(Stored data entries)
(* If ab is in M but a is not, then ((M + aD)^{star_f} \cap D) = D by maximality, so
   1 is in (M + aD)^{star_f} and b is in (bM + abD)^{star_f}, which is inside M^{star_f}. *)
Lemma quasi_max_prime M : quasi_max D (starf D st) M -> is_prime_ideal D M.
Proof.
move=> [[[HM MD] Mq] [MneD Mmax]]; have HMm := frac_module_module HM.
have [M0 [MDD MM]] := HMm.
have nM1 : ~ M 1.
  move=> M1; apply: MneD; apply/seteqP; split=> // r Dr.
  by rewrite -[r]mulr1; apply: MM.
do 5!split=> //; move=> a b Da Db Mab.
have [Ma|nMa] := pselect (M a); [by left|right].
have [->|nb] := eqVneq b 0; first exact: M0.
have na : a != 0 by apply: contra_notN nMa => /eqP ->.
have HN := add_principal_frac_module HMm na.
have Na := add_principal_r a HMm.
have N1 : starf D st (add_principal M a) 1.
  have Jq := quasi_ideal_starf_cap HN (ex_intro _ a (conj Na (conj Da na))).
  suff JD : starf D st (add_principal M a) `&` D = D.
    by have [] : (starf D st (add_principal M a) `&` D) 1 by rewrite JD; apply: subring1.
  apply: contrapT => JneD; apply: nMa; rewrite -(Mmax _ Jq JneD).
    by split=> //; apply: starf_ext HN _ Na.
  by move=> m Mm; split; [apply/(starf_ext HN)/add_principal_l|apply: MD].
rewrite -Mq; split=> //; rewrite -[b]mulr1; apply: starf_scale HN nb _ N1.
move=> _ [_ [m [r [Mm [Dr ->]]]] <-]; rewrite mulrDr; apply: MDD; first exact: MM.
have -> : b * (a * r) = r * (a * b) by ring.
exact: MM.
Qed.

Lemma stilde_closure : is_closure D (stilde D st).
Proof.
split=> // E HE; have HEm := frac_module_module HE; have [E0 [ED EM]] := HEm.
have Eext : E `<=` stilde D st E.
  move=> x Ex P /quasi_max_prime HP; exists x, 1; rewrite divr1.
  by split=> //; split; [apply: subring1|split=> //; apply: prime1 HP].
split=> //.
- split; first exact: Eext.
  split.
    move=> z1 z2 H1 H2 P HPm; have HP := quasi_max_prime HPm.
    have [x1 [s1 [Ex1 [Ds1 [Ps1 ->]]]]] := H1 P HPm.
    have [x2 [s2 [Ex2 [Ds2 [Ps2 ->]]]]] := H2 P HPm.
    exists (x1 * s2 + x2 * s1), (s1 * s2); split; first by apply: ED; apply: moduleMr HEm _ _.
    split; first exact: subringM.
    split; first by case/(primeM HP Ds1 Ds2).
    by rewrite addf_div ?(prime_notin_neq0 HP).
  split.
    move=> r z Dr Hz P HPm; have [x [s [Ex [Ds [Ps ->]]]]] := Hz P HPm.
    by exists (r * x), s; rewrite mulrA; split; [apply: EM|].
  by have [x [Ex nx]] := frac_module_nz HE; exists x; split=> //; apply: Eext.
- move=> z Hz P HPm; have HP := quasi_max_prime HPm.
  have [y [s [Hy [Ds [Ps ->]]]]] := Hz P HPm.
  have [x [t [Ex [Dt [Pt ->]]]]] := Hy P HPm.
  exists x, (t * s); split=> //; split; first exact: subringM.
  by split; [case/(primeM HP Dt Ds)|rewrite invfM mulrA].
- move=> N _ EN z Hz P HPm; have [x [s [Ex [Ds [Ps ->]]]]] := Hz P HPm.
  by exists x, s; split=> //; apply: EN.
Qed.

End FiniteType.

Lemma quasi_prime_prime (F : fieldType) (R P : set F) st :
  quasi_prime R st P -> is_prime_ideal R P.
Proof. by case. Qed.

Lemma quasi_prime_nz (F : fieldType) (R P : set F) st :
  quasi_prime R st P -> exists x, P x /\ x != 0.
Proof. by case=> [[[[_ [_ [_ Pnz]]] _] _] _]. Qed.

Lemma quasi_prime_closed (F : fieldType) (R P : set F) st :
  quasi_prime R st P -> st P `&` R = P.
Proof. by case=> [[_ ->]]. Qed.

Section StarX.
Variable L : fieldType.
Variable R : set L.
Variable st : set L -> set L.
Hypothesis HR : is_subring R.
Implicit Types (E Q : set {fraction {poly L}}) (s : {poly {fraction {poly L}}}).

Lemma Smult1 : Smult R st 1.
Proof.
split; first exact: coefs_in1 (ringX_subring HR).
by move=> Q [HQ _]; exists 0%N; rewrite coef1; apply: prime1 HQ.
Qed.

Lemma SmultM s1 s2 : Smult R st s1 -> Smult R st s2 -> Smult R st (s1 * s2).
Proof.
move=> [R1 T1] [R2 T2]; have HX := ringX_subring HR.
split; first exact: coefs_inM.
by move=> Q HT; apply: prime_coef_notinM HX (proj1 HT) R1 R2 (T1 _ HT) (T2 _ HT).
Qed.

Lemma starX_ext E : E 0 -> E `<=` starX R st E.
Proof.
move=> E0 z Ez; exists z%:P, 1; rewrite mulr1.
by split; [apply: coefs_inC|split; [apply: Smult1|]].
Qed.

(* clearing the denominators of the coefficients one at a time *)
Lemma starX_coefs_denom E f : is_module (ringX R) E ->
  coefs_in (starX R st E) f -> exists s, Smult R st s /\ coefs_in E (f * s).
Proof.
move=> HE; have HX := ringX_subring HR.
elim/poly_ind: f => [|p c IH] Ef.
  by exists 1; split; [apply: Smult1|rewrite mul0r; apply: coefs_in0 HE].
have Ep : coefs_in (starX R st E) p.
  by move=> i; have := Ef i.+1; rewrite coefD coefMX coefC addr0.
have [g [s2 [Eg [S2 Eg2]]]] : starX R st E c.
  by have := Ef 0%N; rewrite coefD coefMX coefC add0r.
have [s1 [S1 Es1]] := IH Ep.
exists (s1 * s2); split; first exact: SmultM.
rewrite mulrDl_ACA Eg2; apply: (coefs_inD HE); apply: (coefs_inMr HE) => //.
  by apply: coefs_inM => //; [apply: coefs_inX|case: S2].
by case: S1.
Qed.

Lemma starX_closure : is_closure (ringX R) (starX R st).
Proof.
have HX := ringX_subring HR; split; first exact: HX.
move=> E HE; have HEm := frac_module_module HE.
have [E0 [ED EM]] := HEm; have Eext := starX_ext E0.
split; [|exact: Eext| |].
- split; first exact: Eext.
  split.
    move=> z1 z2 [f1 [s1 [E1 [S1 Ef1]]]] [f2 [s2 [E2 [S2 Ef2]]]].
    exists (f1 * s2 + f2 * s1), (s1 * s2); split.
      by apply: (coefs_inD HEm); apply: (coefs_inMr HEm) => //; [case: S2|case: S1].
    split; first exact: SmultM.
    by rewrite -Ef1 -Ef2 polyCD mulrDl_AC.
  split.
    move=> r z Rr [f [s [Ef [Ss Ezf]]]]; exists (r%:P * f), s; split.
      by apply: (coefs_inMl HEm) Ef; apply: coefs_inC (subring0 HX) Rr.
    by split=> //; rewrite -Ezf polyCM -mulrA.
  by have [x [Ex nx]] := frac_module_nz HE; exists x; split=> //; apply: Eext.
- move=> z [f [s [Ef [Ss Ezf]]]].
  have [s' [S' Efs']] := starX_coefs_denom HEm Ef.
  exists (f * s'), (s * s'); split=> //; split; first exact: SmultM.
  by rewrite mulrA Ezf.
- by move=> N _ EN z [f [s [Ef Sf]]]; exists f, s; split=> // i; apply: EN.
Qed.

Lemma Theta_starX_closed Q : Theta R st Q -> starX R st Q `&` ringX R `<=` Q.
Proof.
move=> HT z [[f [s [Qf [[Rs Ts] Ezf]]]] Rz].
have [i nQs] := Ts Q HT; have := Qf i; rewrite -Ezf coefCM.
by case/(primeM (proj1 HT) Rz (Rs i)).
Qed.

Lemma Theta_quasi_prime Q : Theta R st Q -> (exists x, Q x /\ x != 0) ->
  quasi_prime (ringX R) (starX R st) Q.
Proof.
move=> HT Qnz; have HQ := proj1 HT; have [Q0 [QD QM]] := prime_module HQ.
split=> //; split; first by split; [do 3!split=> //|apply: prime_sub HQ].
apply/seteqP; split; first exact: Theta_starX_closed.
by move=> z Qz; split; [apply: (starX_ext Q0 Qz)|apply: (prime_sub HQ)].
Qed.

End StarX.

Section QuasiPrimesStarX.
Variable L : fieldType.
Variable R : set L.
Variable st : set L -> set L.
Hypothesis Hcl : is_closure R st.
Implicit Types (E P : set L) (Q : set {fraction {poly L}}) (p : seq L).

Let HR : is_subring R := proj1 Hcl.

Lemma closure_mono E N : is_frac_module R E -> is_frac_module R N ->
  E `<=` N -> st E `<=` st N.
Proof. by move=> HE; have [_ _ _] := proj2 Hcl E HE; apply. Qed.

Lemma starf_sub_closure E : E `<=` R -> starf R st E `<=` st R.
Proof.
move=> ER z [s [Fs [SE Sz]]].
by apply: closure_mono Fs (subring_frac_module HR) (subset_trans SE ER) _ Sz.
Qed.

Lemma closure_span_unit p : is_frac_module R (Defs.span R p) ->
  st (Defs.span R p) 1 -> st R `<=` st (Defs.span R p).
Proof.
move=> Fp Sp1; have [Fst _ Sidem _] := proj2 Hcl _ Fp.
have RS : R `<=` st (Defs.span R p).
  by move=> r Rr; rewrite -[r]mulr1; apply: moduleMl (frac_module_module Fst) Rr Sp1.
by move=> z Rz; apply: Sidem; apply: (closure_mono (subring_frac_module HR) Fst RS).
Qed.

Lemma starf_quasi_prime_proper P : quasi_prime R st P -> starf R st P `<` st R.
Proof.
move=> HPq; have HP := quasi_prime_prime HPq; split.
  exact: starf_sub_closure (prime_sub HP).
move=> Rsub; have [_ Rext _ _] := proj2 Hcl R (subring_frac_module HR).
have [s [Fs [SP Ss1]]] := Rsub 1 (Rext 1 (subring1 HR)).
apply: (prime1 HP); rewrite -(quasi_prime_closed HPq); split; last exact: subring1.
by apply: closure_mono Fs (proj1 (proj1 (proj1 HPq))) SP _ Ss1.
Qed.

(* No prime in Theta contains all the coefficients, which generate I with 1 \in I^star. *)
Lemma span_poly_Smult p : is_frac_module R (Defs.span R p) -> st (Defs.span R p) 1 ->
  (forall i, (i < size p)%N -> R p`_i) ->
  Smult R st (\poly_(i < size p) fracX (p`_i)%:P).
Proof.
move=> Fp Sp1 Rp; split.
  apply: coefs_in_poly; first exact: subring0 (ringX_subring HR).
  by move=> i Hi; apply: ringXC HR (Rp i Hi).
move=> Q [HQ HT]; apply: contrapT => Qall.
have pQ : Defs.span R p `<=` contr R Q.
  apply: span_sub; first exact: contr_module HR (prime_module HQ).
  move=> i Hi; split; first exact: Rp.
  by apply: contrapT => nQ; apply: Qall; exists i; rewrite coef_poly Hi.
case: HT => [Q0|[_ nRsub]].
  have [y [Py ny]] := frac_module_nz Fp.
  by move: (pQ _ Py); rewrite Q0 => /= y0; rewrite y0 eqxx in ny.
apply: nRsub => z /(closure_span_unit Fp Sp1) Sz; exists p; split=> //.
Qed.

(* If the contraction I of Q is nonzero and 1 \in I^{star_f}, a finite generating family
   of I gives s \in S with coefficients in Q, so 1 = s / s \in Q^{star[X]} \cap R[X] = Q. *)
Lemma quasi_prime_Theta Q : quasi_prime (ringX R) (starX R st) Q -> Theta R st Q.
Proof.
move=> HQq; have HQ := quasi_prime_prime HQq; split=> //.
have [C0|Cnz] := pselect (contr R Q = [set 0]); [by left|right].
have CR : contr R Q `<=` R by move=> y [].
split; first exact: starf_sub_closure.
move=> Rsub; have [_ Rext _ _] := proj2 Hcl R (subring_frac_module HR).
have [p [Fp [pQ Sp1]]] := Rsub 1 (Rext 1 (subring1 HR)).
have Qp i : (i < size p)%N -> contr R Q p`_i by move=> Hi; apply/pQ/span_mem.
pose s := \poly_(i < size p) fracX (p`_i)%:P.
have Ss : Smult R st s by apply: span_poly_Smult => // i /Qp [].
have Q1 : starX R st Q 1.
  exists s, s; split; last by split=> //; rewrite mul1r.
  by move=> i; rewrite coef_poly; case: ifP => [/Qp []|_]; [|apply: prime0 HQ].
apply: (prime1 HQ); rewrite -(quasi_prime_closed HQq).
by split=> //; apply: subring1 (ringX_subring HR).
Qed.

Exercise directions ::
When the entries above show the word "Section" in a line, copy that line out.

Solution to the exercise ::
Section StarX.
Section QuasiPrimesStarX.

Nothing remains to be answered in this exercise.